# Jalapeno's name reflects hotness?



## mofo (Jun 9, 2008)

Do stores offer jalapeno's in different hotnesses? I am looking for something perhaps more on the mild side to use for an ABT. Should I be looking for a particular named Jalapeno?


----------



## lcruzen (Jun 9, 2008)

I've never seen different varieties of japs peppers. However if you are careful to remove all seeds and the white veins then they are not hot at all.


----------



## buck wheezer (Jun 9, 2008)

A jalapeno is a jalapeno. However, I've been told, and I've found it to be true so far, that jalapeno's with blunter/rounder ends are milder than those with pointier ends.

If you want something a bit milder, try a poblano. I believe that's the go-to chile for rellenos. I've had some that taste more like green bell peppers. In fact, some even look like bell peppers, but they're not quite as fleshy.

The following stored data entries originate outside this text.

(* Let $(H,A,C)$ be a Doi-Hopf datum ($H$ a bialgebra). Then the $k$-modules $V_1,V_2,V_3,V_4,V_5$ defined below are isomorphic, via $k$-linear bijections that send normalized elements to normalized elements. Explicitly: $\nu\in V_1$ corresponds to $\lambda(c\otimes d)=\nu(c\otimes d\otimes 1_A)$ in $V_2$ (inverse $\nu(c\otimes d\otimes a)=a\cdot\lambda(c\otimes d)$); $\lambda\in V_2$ corresponds to $\theta=(\varepsilon_C\otimes I_A)\circ\lambda$ in $V_3$ (inverse $\lambda(c\otimes d)=\sum c_{(1)}\otimes\theta(c_{(2)}\otimes d)$); $\theta\in V_3$ corresponds to $\gamma(c)(d)=\theta(c\otimes d)$ in $V_4$; and $\gamma\in V_4$ corresponds to $\psi(c\otimes a)=a\cdot\gamma(c)$ in $V_5$ (inverse $\gamma(c)=\psi(c\otimes 1_A)$).
   Context: $k$ commutative ring; Sweedler notation $\Delta(c)=\sum c_{(1)}\otimes c_{(2)}$, $\rho(m)=\sum m_{<-1>}\otimes m_{<0>}$ (iterated $m_{<-2>}\otimes m_{<-1>}\otimes m_{<0>}$). Doi-Hopf datum $(H,A,C)$: $H$ bialgebra, $A$ left $H$-comodule algebra, $C$ right $H$-module coalgebra, $C$ flat. $C\otimes A$ is an $A$-bimodule and left $C$-comodule via $a\cdot(c\otimes b)=c\otimes ab$, $(c\otimes b)\cdot a=\sum c\cdot a_{<-1>}\otimes ba_{<0>}$, $\rho(c\otimes b)=\sum c_{(1)}\otimes c_{(2)}\otimes b$; $C\otimes C\otimes A$ is a right $A$-module and left $C$-comodule via $(c\otimes d\otimes b)a=\sum c\cdot a_{<-2>}\otimes d\cdot a_{<-1>}\otimes ba_{<0>}$ and coaction on the first factor. $\mathrm{Hom}(C,A)$ is an $A$-bimodule via $(a\cdot f)(c)=\sum a_{<0>}f(c\cdot a_{<-1>})$, $(f\cdot a)(c)=f(c)a$. For $x=\sum_i c_i\otimes a_i\in C\otimes A$ or $x\in A$ we write the auxiliary expression $D(d,\theta):=\sum d\cdot\theta_{<-1>}\otimes\theta_{<0>}$ for $d\in C,\theta\in A$. $V_1$: maps $\nu:C\otimes C\otimes A\to C\otimes A$ that are right $A$-linear and left $C$-colinear, with $\nu(c\otimes d\otimes ba)=b\cdot\nu(c\otimes d\otimes a)$ and $\sum D(d_{(2)},(\varepsilon\otimes I)\nu(c\otimes d_{(1)}\otimes 1))=\nu(c\otimes d\otimes 1)$; normalized if $\sum\nu(c_{(1)}\otimes c_{(2)}\otimes a)=c\otimes a$. $V_2$: maps $\lambda:C\otimes C\to C\otimes A$ with $\sum D(d_{(2)},(\varepsilon\otimes I)\lambda(c\otimes d_{(1)}))=\lambda(c\otimes d)$, $\sum a_{<0>}\cdot\lambda(c\cdot a_{<-2>}\otimes d\cdot a_{<-1>})=\lambda(c\otimes d)\cdot a$, $\sum c_{(1)}\otimes\lambda(c_{(2)}\otimes d)=\rho(\lambda(c\otimes d))$; normalized if $\sum\lambda(c_{(1)}\otimes c_{(2)})=c\otimes 1_A$. $V_3$: maps $\theta:C\otimes C\to A$ with $\theta(c\otimes d)a=\sum a_{<0>}\theta(c\cdot a_{<-2>}\otimes d\cdot a_{<-1>})$ and $\sum c_{(1)}\otimes\theta(c_{(2)}\otimes d)=\sum D(d_{(2)},\theta(c\otimes d_{(1)}))$; normalized if $\sum\theta(c_{(1)}\otimes c_{(2)})=\varepsilon(c)1_A$. $V_4$: maps $\gamma:C\to\mathrm{Hom}(C,A)$ with $\sum a_{<0>}\gamma(c\cdot a_{<-2>})(d\cdot a_{<-1>})=\gamma(c)(d)\,a$ and $\sum c_{(1)}\otimes\gamma(c_{(2)})(d)=\sum D(d_{(2)},\gamma(c)(d_{(1)}))$; normalized if $\sum\gamma(c_{(1)})(c_{(2)})=\varepsilon(c)1_A$. $V_5$: $A$-bimodule maps $\psi:C\otimes A\to\mathrm{Hom}(C,A)$ with $\sum c_{(1)}\otimes\psi(c_{(2)}\otimes 1_A)(d)=\sum D(d_{(2)},\psi(c\otimes 1_A)(d_{(1)}))$; normalized if $\sum\psi(c_{(1)}\otimes 1_A)(c_{(2)})=\varepsilon(c)1_A$. All identities are required for all $a,b\in A$, $c,d\in C$. *)

(* Tensor products over the commutative ring k are given by
   their universal property. *)
From HB Require Import structures.
From mathcomp Require Import all_boot all_order all_algebra.
From Stdlib Require Import ClassicalEpsilon.
Set Implicit Arguments. Unset Strict Implicit. Unset Printing Implicit Defensive.
Import GRing.Theory.
Local Open Scope ring_scope.

Definition lin (k : comPzRingType) (M N : lmodType k) (f : M -> N) :=
  forall (a : k) (x y : M), f (a *: x + y) = a *: f x + f y.

Definition linK (k : comPzRingType) (M : lmodType k) (f : M -> k) :=
  forall (a : k) (x y : M), f (a *: x + y) = a * f x + f y.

If you're looking to reduce the heat further, get rid of the ribs in the chiles. Some worry about the heat in the seeds, and that's true to some extent, but not so much as the ribs. If you slice one open through the ribs, look for the yellowish streak; that's the capsaicin, the heat. Hottest jalapenos I've tasted had bright orange streaks in them.


----------



## blacklab (Jun 9, 2008)

X 2 just gut them like a fish and your golden


----------



## yankeerob (Jun 9, 2008)

I grew Biker Billy japs one year. They grow big and red. The flesh is just as thick as a normal bell pepper and they are twice as hot is a regular jap. In addition to this, peppers are notorious for cross breeding. If you grow a row of japs next to a row of habs and save the seeds to replant next year will will get a real hot jalapeno next year.

-rob


----------



## fireguy (Jun 9, 2008)

ill 3rd that...my wife thinks ketchup is hot sauce...but she love my poppers/ abts.... though once in awhile ya get one that is a bit warm.


----------



## richoso1 (Jun 9, 2008)

Stores usually do not offer different levels of heat within a particular chile. You will find some from the same batch that can be hotter than others. You might want to look into the New Mexico chiles, they have many varietyies and they each have thier own heat level. Labor Day marks the end of the harvest, and when the truck roll into town, I'll pick up a 345 lb. bag. I fire roast, peel, freeze, and thaw as needed. This year I;m growing my own New mexico chile, the Sandia variety, along with Chimao and Alcalde. Hope this helps you as much as removing seeds and membranes.


----------